In this review, we have commented on studies that report a link between either the integrin LFA-1 or its ligand ICAM-1 and cancer. Leukemic cells that express this integrin can be targeted by anti-LFA-1 drugs. However, targeting membrane LFA-1 comes with the associated problem of cell specificity, due to the expression of LFA-1 in normal leukocytes and the potential for immune dysfunction. Despite the importance of LFA-1 in leukocyte biology, few convenient drugs that target LFA-1 or its signaling pathway have reached the clinical stage.

Meanwhile, despite the fact that tumors of non-hematopoietic origin do not express LFA-1, they are often accompanied by an immunosuppressive microenvironment, which provides them with survival and growth signals. In this context, it is the leukocyte infiltrate supporting the tumor that can be targeted through LFA-1. This is an underexplored approach given the difficulty of categorizing tumors according to the type of leukocyte infiltrate involved.

We have discussed in more detail CLL: a leukemia for which the available information suggests that LFA-1 could be of therapeutic value. In CLL cells, the signaling regulating LFA-1 activity seems to be impaired, limiting CLL cell migration and increasing cell survival. Curiously, LFA-1 activity is also impaired in the T cells of CLL patients, which are dysfunctional. A useful therapy for this leukemia has been derived from an inhibitor of Bruton’s tyrosine kinase: ibrutinib, which blocks essential signaling in CLL cell activation, including the inside-out signaling linking B-cell membrane receptors and chemokine receptors to activation of LFA-1.

As opposed to LFA-1, ICAM-1 is present in several non-hematopoietic tumors where it can play different roles that also seem to be context dependent. This is an added difficulty in the targeting of ICAM-1 for therapeutic use.

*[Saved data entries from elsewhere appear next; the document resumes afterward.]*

(* Let $k$ be a commutative ring, $H$ a cocommutative Hopf algebra over $k$, $A$ a cleft right $H$-comodule algebra with commutative $B=A^{\mathrm{co}H}$, and regard $B$ as a left $H$-module algebra via $h\cdot b=t(h_{(1)})bu(h_{(2)})$. Then the following data define a subcategory $\mathcal{X}_A$ of $\mathcal{C}_A$ with the two objects $\mathbf{1},\mathbf{2}$: $\mathcal{X}_A(\mathbf{1},\mathbf{1})=Z^1(H,B)$; $\mathcal{X}_A(\mathbf{2},\mathbf{1})=\Omega_A$; $\mathcal{X}_A(\mathbf{2},\mathbf{2})=\{\omega\in\mathrm{Hom}(H,B):\omega\circ S\in Z^1(H,B)\}$; $\mathcal{X}_A(\mathbf{1},\mathbf{2})=\{t\circ S:t\in\Omega_A\}$.
   Context: $\Delta(h)=h_{(1)}\otimes h_{(2)}$, antipode $S$, $\rho(a)=a_{[0]}\otimes a_{[1]}$, $B=\{a:\rho(a)=a\otimes1\}$. $A$ is cleft: there is a convolution invertible $H$-colinear $t:H\to A$ (colinear: $\rho(t(h))=t(h_{(1)})\otimes h_{(2)}$), with convolution inverse $u$; convolution: $(f*g)(h)=f(h_{(1)})g(h_{(2)})$. The module algebra structure above is independent of $t$. $Z^1(H,B)$ is the set of convolution invertible $k$-linear $v:H\to B$ with $v(hk)=(h_{(1)}\cdot v(k))v(h_{(2)})$ for all $h,k$. $\Omega_A$ is the set of $H$-colinear algebra maps $H\to A$. $\mathcal{C}_A$: two objects $\mathbf{1},\mathbf{2}$; $\mathcal{C}_A(\mathbf{i},\mathbf{j})$ denotes morphisms $\mathbf{i}\to\mathbf{j}$, sets of $k$-linear maps $H\to A$: $\mathcal{C}_A(\mathbf{1},\mathbf{1})=\{v:\rho(v(h))=v(h)\otimes1\}=\mathrm{Hom}(H,B)$; $\mathcal{C}_A(\mathbf{2},\mathbf{1})=\{t:\rho(t(h))=t(h_{(1)})\otimes h_{(2)}\}$; $\mathcal{C}_A(\mathbf{1},\mathbf{2})=\{u:\rho(u(h))=u(h_{(2)})\otimes S(h_{(1)})\}$; $\mathcal{C}_A(\mathbf{2},\mathbf{2})=\{w:\rho(w(h))=w(h_{(2)})\otimes S(h_{(1)})h_{(3)}\}$ (which equals $\mathrm{Hom}(H,B)$ here since $H$ is cocommutative). Composite of $f:\mathbf{i}\to\mathbf{j}$ and $g:\mathbf{j}\to\mathbf{k}$ is $g*f$. *)

From HB Require Import structures.
From mathcomp Require Import all_boot all_algebra.
Set Implicit Arguments. Unset Strict Implicit. Unset Printing Implicit Defensive.
Import GRing.Theory.
Local Open Scope ring_scope.

Section Multilinear.
Variable k : comPzRingType.

Definition klinear (M P : lmodType k) (f : M -> P) : Prop :=
  forall (a : k) (x y : M), f (a *: x + y) = a *: f x + f y.

Definition kbilinear (M N P : lmodType k) (f : M -> N -> P) : Prop :=
  (forall m, klinear (f m)) /\ (forall n, klinear (fun m => f m n)).

Definition ktrilinear (M N L P : lmodType k) (f : M -> N -> L -> P) : Prop :=
  (forall m n, klinear (f m n)) /\ (forall m l, klinear (fun n => f m n l))
  /\ (forall n l, klinear (fun m => f m n l)).
End Multilinear.

(* A tensor product M (x)_k N, specified by its universal property:
   a k-module with a bilinear map tp_mul, through which every bilinear map
   factors (tp_lift) uniquely as a linear map. *)
Record tensor_product (k : comPzRingType) (M N : lmodType k) := TensorProduct {
  tp_carrier :> lmodType k;
  tp_mul : M -> N -> tp_carrier;
  tp_lift : forall P : lmodType k, (M -> N -> P) -> tp_carrier -> P;
  tp_mul_bilinear : kbilinear tp_mul;
  tp_lift_linear : forall (P : lmodType k) (f : M -> N -> P),
      kbilinear f -> klinear (tp_lift f);
  tp_lift_mul : forall (P : lmodType k) (f : M -> N -> P),
      kbilinear f -> forall m n, tp_lift f (tp_mul m n) = f m n;
  tp_ext : forall (P : lmodType k) (g1 g2 : tp_carrier -> P),
      klinear g1 -> klinear g2 ->
      (forall m n, g1 (tp_mul m n) = g2 (tp_mul m n)) -> forall x, g1 x = g2 x
}.
Arguments tp_mul {k M N} t _ _.
Arguments tp_lift {k M N} t {P} _ _.

Section Hopf.
Variables (k : comPzRingType) (H A : algType k).
Variables (HH : tensor_product H H) (AH : tensor_product A H).
Variables (Delta : H -> HH) (eps : H -> k) (S : H -> H) (rho : A -> AH).

(* Sweedler notation: sw f h = f(h_(1), h_(2)) for bilinear f *)
Definition sw (P : lmodType k) (f : H -> H -> P) (h : H) : P :=
  tp_lift HH f (Delta h).
(* swA f a = f(a_[0], a_[1]) *)
Definition swA (P : lmodType k) (f : A -> H -> P) (a : A) : P :=
  tp_lift AH f (rho a).

(* cocommutative Hopf algebra (H, Delta, eps, S) over k.
   Coassociativity is stated by evaluating both sides against an arbitrary
   trilinear map, i.e. via the universal property of H (x) H (x) H. *)
Definition is_cocomm_hopf : Prop :=
  klinear Delta /\ klinear (eps : H -> k^o) /\ klinear S /\
   (forall (P : lmodType k) (f : H -> H -> H -> P), ktrilinear f ->
     forall h, sw (fun x z => sw (fun a b => f a b z) x) h
             = sw (fun x y => sw (fun a b => f x a b) y) h) /\
   (forall h, sw (fun x y => eps x *: y) h = h /\ sw (fun x y => eps y *: x) h = h) /\
   (forall h g, Delta (h * g) =
      sw (fun x y => sw (fun a b => tp_mul HH (x * a) (y * b)) g) h) /\
   Delta 1 = tp_mul HH 1 1 /\
   (forall h g, eps (h * g) = eps h * eps g) /\ eps 1 = 1 /\
   (forall h, sw (fun x y => S x * y) h = eps h *: 1
            /\ sw (fun x y => x * S y) h = eps h *: 1) /\
   (forall h, Delta h = sw (fun x y => tp_mul HH y x) h).

Definition is_comodule_algebra : Prop :=
  [/\ klinear rho,
   (forall (P : lmodType k) (f : A -> H -> H -> P), ktrilinear f ->
     forall a, swA (fun a' z => swA (fun b x => f b x z) a') a
             = swA (fun b x => sw (fun y z => f b y z) x) a),
   (forall a, swA (fun b x => eps x *: b) a = a),
   (forall a c, rho (a * c) =
      swA (fun a1 x => swA (fun c1 y => tp_mul AH (a1 * c1) (x * y)) c) a) &
   rho 1 = tp_mul AH 1 1].

Definition coinv (a : A) : Prop := rho a = tp_mul AH a 1.

Definition conv (f g : H -> A) (h : H) : A := sw (fun x y => f x * g y) h.
Definition cunit (h : H) : A := eps h *: 1.

Definition colinear (f : H -> A) : Prop :=
  forall h, rho (f h) = sw (fun x y => tp_mul AH (f x) y) h.

Definition homB (f : H -> A) : Prop := klinear f /\ forall h, coinv (f h).

Inductive obj := O1 | O2.

Definition Cmor (i j : obj) (f : H -> A) : Prop :=
  klinear f /\
  match i, j with
  | O1, O1 => forall h, rho (f h) = tp_mul AH (f h) 1
  | O2, O1 => colinear f
  | O1, O2 => forall h, rho (f h) = sw (fun x y => tp_mul AH (f y) (S x)) h
  | O2, O2 => forall h, rho (f h) =
       sw (fun x y => sw (fun a b => tp_mul AH (f b) (S a * y)) x) h
  end.

(* identity morphism (the convolution unit) and composition g o f := g * f *)
Definition Cid (i : obj) : H -> A := cunit.
Definition Ccomp (f g : H -> A) : H -> A := conv g f.

Definition act (t u : H -> A) (h : H) (b : A) : A :=
  sw (fun x y => t x * b * u y) h.

Definition Z1 (t u : H -> A) (v : H -> A) : Prop :=
  homB v /\
  (exists w, homB w /\ (forall h, conv v w h = cunit h)
                    /\ (forall h, conv w v h = cunit h)) /\
  (forall h g, v (h * g) = sw (fun x y => act t u x (v g) * v y) h).

Definition OmegaA (f : H -> A) : Prop :=
  [/\ klinear f, colinear f, (forall h g, f (h * g) = f h * f g) & f 1 = 1].

Definition Xmor (t u : H -> A) (i j : obj) (f : H -> A) : Prop :=
  match i, j with
  | O1, O1 => Z1 t u f
  | O2, O1 => OmegaA f
  | O2, O2 => homB f /\ Z1 t u (fun h => f (S h))
  | O1, O2 => exists t', OmegaA t' /\ forall h, f h = t' (S h)
  end.

Definition is_subcategory (X : obj -> obj -> (H -> A) -> Prop) : Prop :=
  [/\ (forall i j f, X i j f -> Cmor i j f),
      (forall i, X i i (Cid i)) &
      (forall i j l f g, X i j f -> X j l g -> X i l (Ccomp f g))].
End Hopf.
From mathcomp Require Import all_boot all_order all_algebra.
From mathcomp Require Import lra ring.
Import Order.TTheory GRing.Theory Num.Theory.
Local Open Scope ring_scope.

Set Implicit Arguments. Unset Strict Implicit. Unset Printing Implicit Defensive.

(* Write M = Z^-1, t_kl = v_k^T M v_l and h_kl = v_k^T M^2 v_l.  By the
   Sherman-Morrison-Woodbury formula, replacing v_i by v_j lowers tr M by
   N_ij / D_ij, with D_ij = (1 - t_ii)(1 + t_jj) + t_ij^2 and
   N_ij = (1 - t_ii) h_jj + 2 t_ij h_ij - (1 + t_jj) h_ii, so it suffices to find
   i in S and j outside S with N_ij > (eps / b) tr(M) D_ij.  Average over such
   pairs with weights (1 - x_i) x_j, after bounding the cross term t_ij h_ij by
   AM-GM: the average then only involves sums over S and over its complement.
   These are controlled by sum_{i in S} t_ii = d, sum_{i in S} h_ii = tr M, and
   the Cauchy-Schwarz bounds tr(M)^2 <= tr(X^-1) sum_k x_k h_kk (which gives
   sum_k x_k h_kk >= (1 + eps) tr M) and (sum_k x_k t_kk)^2 <= tr(X) sum_k x_k h_kk;
   the lower bound on b makes the average positive. *)

Section RealInequalities.
Variable R : rcfType.

Lemma quadratic_ge0_discr (a b c : R) : 0 <= a ->
  (forall t, 0 <= a * t ^+ 2 + 2 * b * t + c) -> b ^+ 2 <= a * c.
Proof.
move=> a_ge0 ge0; have [a0|a_neq0] := eqVneq a 0.
  have [b0|b_neq0] := eqVneq b 0; first by rewrite a0 b0 expr0n mul0r.
  have := ge0 (- (c + 1) / (2 * b)).
  have -> : a * (- (c + 1) / (2 * b)) ^+ 2 + 2 * b * (- (c + 1) / (2 * b)) + c = -1.
    by rewrite a0; field.
  lra.
have a_gt0 : 0 < a by rewrite lt_def a_neq0.
have := ge0 (- b / a).
have -> : a * (- b / a) ^+ 2 + 2 * b * (- b / a) + c = c - b ^+ 2 / a by field.
by rewrite subr_ge0 ler_pdivrMr // mulrC.
Qed.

Finally, we have introduced the non-trivial role of exosomes harboring LFA-1 or ICAM-1 in cancer. Few data are yet available concerning the importance of LFA-1–ICAM-1 interaction for the function of exosomes in tumor biology. Understanding how cancer cells use exosomes to modulate the immune system will help to prevent their action and promote the anti-tumoral potential of the immune system.